Regardless of his conservative commitments, Taft saw the need for responsible reform. In the immediate postwar years, he recognized the need for federal aid to education, for social welfare legislation that assisted the poor, and for federal support for public housing. Out of political necessity, Taft became more partisan as the 1950 senatorial campaign approached, convinced he had to win reelection in Ohio by a large margin if he was to establish himself as a frontrunner in the primary campaign for the 1952 presidential election. Moderate Republicans spurned Taft and doubted that the serious, partisan senator could successfully head a national ticket. His support, nevertheless, was essential to the 1952 Eisenhower presidential campaign.

Taft’s service as Senate majority leader proved indispensable to President Eisenhower during the early months of his first term, helping the president navigate the byways of the nation’s capital. Even after his diagnosis of cancer in April 1953, he continued to work at his senatorial duties until he died in July 1953.

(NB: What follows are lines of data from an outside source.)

Lemma steep_last_edge (R : realType) (g : ser2 R) (M P N : nat) :
  (0 < M)%N -> (0 < P)%N -> g N 0%N != 0 -> wbound g M P (M * N) ->
  (forall a b, g a b != 0 -> (0 < b)%N -> (M * N < M * a + P * b)%N) ->
  (exists i j, g i j != 0 /\ (i < N)%N) ->
  is_vertex g N%:R 0 /\
  exists x' y' : R,
    [/\ is_vertex g x' y', x' < N%:R,
        (forall x'' y'' : R, is_vertex g x'' y'' -> ~ (x' < x'' < N%:R)) &
        - (y' / (N%:R - x')) < - (P%:R / M%:R)^-1].
Proof.
move=> hM hP nzN hg hstrict left_pt.
have hN i : g i 0%N != 0 -> (N <= i)%N.
  by move=> /hg; rewrite muln0 addn0 leq_pmul2l.
split; first exact: z_axis_vertex.
have [a [b [nzab haN hb hv adj]]] := last_edge nzN hN left_pt.
exists a%:R, b%:R; split=> //; first by rewrite ltr_nat.
have steep : (M * (N - a) < b * P)%N.
  by have := hstrict _ _ nzab hb; rewrite [(b * P)%N]mulnC mulnBr; lia.
rewrite ltrN2 invf_div ltr_pdivrMr ?ltr0n // mulrAC ltr_pdivlMr; last first.
  by rewrite subr_gt0 ltr_nat.
by rewrite -natrB; [rewrite -!natrM ltr_nat | exact: ltnW].
Qed.

Theorem mainTheorem6 (R : realType) (p : ser1 R) (q : ser2 R) (delta : nat)
    (s : nat) (nv mv : nat -> nat) :
  let T : R := yintercept (nv s.-1)%:R (mv s.-1)%:R (nv s)%:R (mv s)%:R in
  let gamma : nat := nv s in
  let d : nat := mv s in
  let l1 : R := ((nv s)%:R - (nv s.-1)%:R) / ((mv s.-1)%:R - (mv s)%:R) in
  let alpha : R := gamma%:R / (delta%:R - d%:R) in
  let gam (n : nat) : nat := (gamma * delta ^ n.-1)%N in
  (1 <= delta)%N ->
  (forall i, (i < delta)%N -> p i = 0) -> p delta != 0 ->
  convergent1 p -> convergent2 q ->
  q 0%N 0%N = 0 -> (exists i j, q i j != 0) ->
  (forall x y : R, is_vertex q x y <->
     exists k, [/\ (1 <= k <= s)%N, x = (nv k)%:R & y = (mv k)%:R]) ->
  (forall k, (1 <= k < s)%N -> (nv k < nv k.+1)%N /\ (mv k.+1 < mv k)%N) ->
  (1 < s)%N -> delta%:R <= T ->
  d = 0%N -> delta%:R < T ->
  (forall n, (1 <= n)%N ->
     Qn p q n (gam n) 0%N != 0 /\
     (forall l : R, l1 <= l <= alpha -> wl_eq (Qn p q n) l (gam n)%:R)) /\
  (forall n, (2 <= n)%N ->
     (forall x y : R, newton (Qn p q n) x y <-> (gam n)%:R <= x /\ 0 <= y)
     \/
     (is_vertex (Qn p q n) (gam n)%:R 0 /\
      exists x' y' : R,
        [/\ is_vertex (Qn p q n) x' y', x' < (gam n)%:R,
            (forall x'' y'' : R, is_vertex (Qn p q n) x'' y'' ->
               ~ (x' < x'' < (gam n)%:R)) &
            - (y' / ((gam n)%:R - x')) < - l1^-1])).
Proof.
move=> T gm d l1 alpha gam dl_gt0 p_low p_lead _ _ _ q_neq0 q_vert sorted s_gt1 _ d0 dl_lt_T.
have [o1 o2] : (nv s.-1 < gm)%N /\ (mv s < mv s.-1)%N.
  by have := sorted s.-1; rewrite prednK; [apply; lia | lia].
have hM : (0 < mv s.-1)%N by lia.
have hP : (0 < nv s - nv s.-1)%N by rewrite subn_gt0.
have hl1 : l1 = (nv s - nv s.-1)%N%:R / (mv s.-1)%:R.
  by rewrite /l1 [mv s]d0 subr0 natrB // ltnW.
(* delta < T_(s-1) in integer form *)
have hT : (delta * (nv s - nv s.-1) < mv s.-1 * gm)%N.
  rewrite -(ltr_nat R) natrM -(yintercept_last_edge R _ o1) -[0%N]d0.
  by rewrite ltr_pM2r ?ltr0n.
have q_lead := q_last_vertex q_vert sorted s_gt1 d0 q_neq0.
have q_l1 := q_last_edge_bound q_vert sorted s_gt1 d0 q_neq0.
have Qlead := Qn_lead dl_gt0 p_low p_lead hM q_l1 hT q_lead.
have Ql1 m := Qn_l1 dl_gt0 p_low p_lead hM q_l1 hT q_lead (m:=m).
split=> [[|m] // _|[|[|m]] // _].
  split=> [|l /andP [hl _]]; first exact: Qlead.
  by apply: wl_of_wbound hM (Qlead m) (Ql1 m) _; rewrite -hl1.
have Qstrict := Qn_l1_strict dl_gt0 p_low p_lead hM q_l1 hT q_lead (m:=m).
case: (classic (exists i j, Qn p q m.+2 i j != 0 /\ (i < gam m.+2)%N)) => [left_pt|none].
  by right; rewrite hl1; apply: steep_last_edge hM hP (Qlead m.+1) (Ql1 m.+1) Qstrict left_pt.
left; apply: newton_quadrant (Qlead m.+1) _ => i j nz.
by rewrite leqNgt; apply/negP => lt; apply: none; exists i, j.
Qed.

This volume completes the contribution that The Papers of Robert A. Taft provides to the study of United States political and diplomatic history, Ohio history, and conservative political theory.


Clarence E. Wunderlin Jr. is professor of history at Kent State University. He is the author of Visions of a New Industrial Order: Social Science and Labor Theory in America’s Progressive Era and coeditor with Larry I. Bland and Sharon R. Ritenour of The Papers of George Catlett Marshall, Volume 2.